With those modifications to our CI pipelines in place, it’s time for the final moment of truth: Can we update one of our micro-frontend apps, deploy it independently, and then see those changes take effect in production without having to touch any of our other apps?

In the single-spa-demo-page-1 directory, in the root.component.js file, let's change the text from "Page 1 App" to "Page 1 App - UPDATED!" Next, let's commit that change and push and merge it to master.

This will kick off the Travis CI pipeline to build the new page 1 app artifact and then update the import map to reference that new file URL.

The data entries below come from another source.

Lemma psd_norm_le1 m (X : 'M[R]_m) : psd X -> (forall i, X i i <= 1) ->
  forall i j, `|X i j| <= 1.
Proof.
move=> [XT Xpsd] Xd i j.
have Xji : X j i = X i j by rewrite -[in LHS]XT mxE.
have quad s : 0 <= X i i + 2 * s * X i j + s ^+ 2 * X j j.
  have := Xpsd (delta_mx i 0 + s *: delta_mx j 0).
  rewrite !(linearD, linearZ, mulmxDl, mulmxDr, =^~ scalemxAl, =^~ scalemxAr) /=.
  by rewrite !delta_quad_form !mxE Xji; congr (_ <= _); ring.
have := quad 1; have := quad (-1); have := Xd i; have := Xd j.
by rewrite ler_norml; move=> *; apply/andP; split; nra.
Qed.

Lemma disc_le_pdisc n (M : 'M[R]_n) X : psd X -> (forall i, X i i <= 1) ->
  disc M X <= pdisc M.
Proof.
move=> Xpsd Xd; apply: ub_le_sup; last by exists X.
pose Y := block_mx 0 (centered M) (centered M)^T 0.
exists (\sum_i \sum_j `|Y i j|) => _ [Z [Zpsd Zd] <-].
rewrite disc_frob; apply: ler_sum => i _; apply: ler_sum => j _.
rewrite (le_trans (ler_norm _)) // normrM ler_piMl //; exact: psd_norm_le1.
Qed.

Lemma pdisc_ge_gram n m (M : 'M[R]_n) (U V : 'M[R]_(n, m)) :
  (forall i, (U *m U^T) i i <= 1) -> (forall j, (V *m V^T) j j <= 1) ->
  2 * frob (U *m V^T) (centered M) <= pdisc M.
Proof.
move=> Ud Vd; pose W := col_mx U V.
have WWT : W *m W^T = block_mx (U *m U^T) (U *m V^T) (V *m U^T) (V *m V^T).
  by rewrite tr_col_mx mul_col_row.
have Wd a : (W *m W^T) a a <= 1.
  by rewrite WWT -(splitK a); case: split => k; rewrite ?block_mxEul ?block_mxEdr.
have <- : disc M (W *m W^T) = 2 * frob (U *m V^T) (centered M).
  rewrite disc_frob WWT frob_block_mx !frob0r addr0 add0r.
  by rewrite -[V *m U^T]trmxK trmx_mul trmxK frob_trmx mulr2n mulrDl mul1r.
exact: disc_le_pdisc (psd_gram W) Wd.
Qed.

Lemma pdisc_ge0 n (M : 'M[R]_n) : 0 <= pdisc M.
Proof.
apply: le_trans (@pdisc_ge_gram n 0 M 0 0 _ _) => [|i|i];
  by rewrite mul0mx ?frob0l ?mulr0 ?mxE.
Qed.

End Discrepancy.

Section ZeroOneMatrix.
Variable R : realType.
Variables (n : nat) (M : 'M[R]_n).
Hypothesis M01 : forall i j, M i j = 0 \/ M i j = 1.

Local Notation p := (density M).
Local Notation d := (mass M / n%:R).
Local Notation B := (centered M).
Local Notation row_deg i := (\sum_j M i j).
Local Notation col_deg j := (\sum_i M i j).
Local Notation heavy_row i := ((2 * d <= row_deg i)%R%:R : R).
Local Notation heavy_col j := ((2 * d <= col_deg j)%R%:R : R).

Lemma entry_ge0 i j : 0 <= M i j.
Proof. by case: (M01 i j) => ->. Qed.

Lemma mass_ge0 : 0 <= mass M.
Proof.
by rewrite /mass !sumr_ge0 // => i _; rewrite sumr_ge0 // => j _; exact: entry_ge0.
Qed.

Lemma avg_deg_ge0 : 0 <= d.
Proof. by rewrite divr_ge0 ?mass_ge0. Qed.

Lemma density_ge0 : 0 <= p.
Proof. by rewrite divr_ge0 ?mass_ge0 ?exprn_ge0. Qed.

Lemma density_mul_n : p * n%:R = d.
Proof.
rewrite /density; have [n0|n0] := eqVneq (n%:R : R) 0.
  by rewrite n0 expr0n /= invr0 !mulr0.
by field.
Qed.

Ja pēc tam pārlūkprogrammā dodamies uz //thawkin3-single-spa-demo.herokuapp.com/page1, mēs tagad redzēsim ... lūdzu, cilindru rullīti ... mūsu atjaunināto lietotni!

Demo app — successfully updating one of the micro-frontend apps

Secinājums

Es to teicu jau iepriekš, un es to atkārtošu vēlreiz: Mikro-frontends ir frontend tīmekļa attīstības nākotne.

Ieguvumi ir milzīgi, ieskaitot neatkarīgu izvietošanu, neatkarīgas īpašumtiesības, ātrāku būvēšanas un testēšanas laiku, kā arī iespēju jaukt un saskaņot dažādus ietvarus, ja nepieciešams.

Ir daži trūkumi, piemēram, sākotnējās iestatīšanas izmaksas un sadalītās arhitektūras uzturēšanas sarežģītība, taču es ticu, ka ieguvumi atsver izmaksas.

Viena spa centrs atvieglo mikro-frontend arhitektūru. Tagad arī jūs varat iet nojaukt monolītu!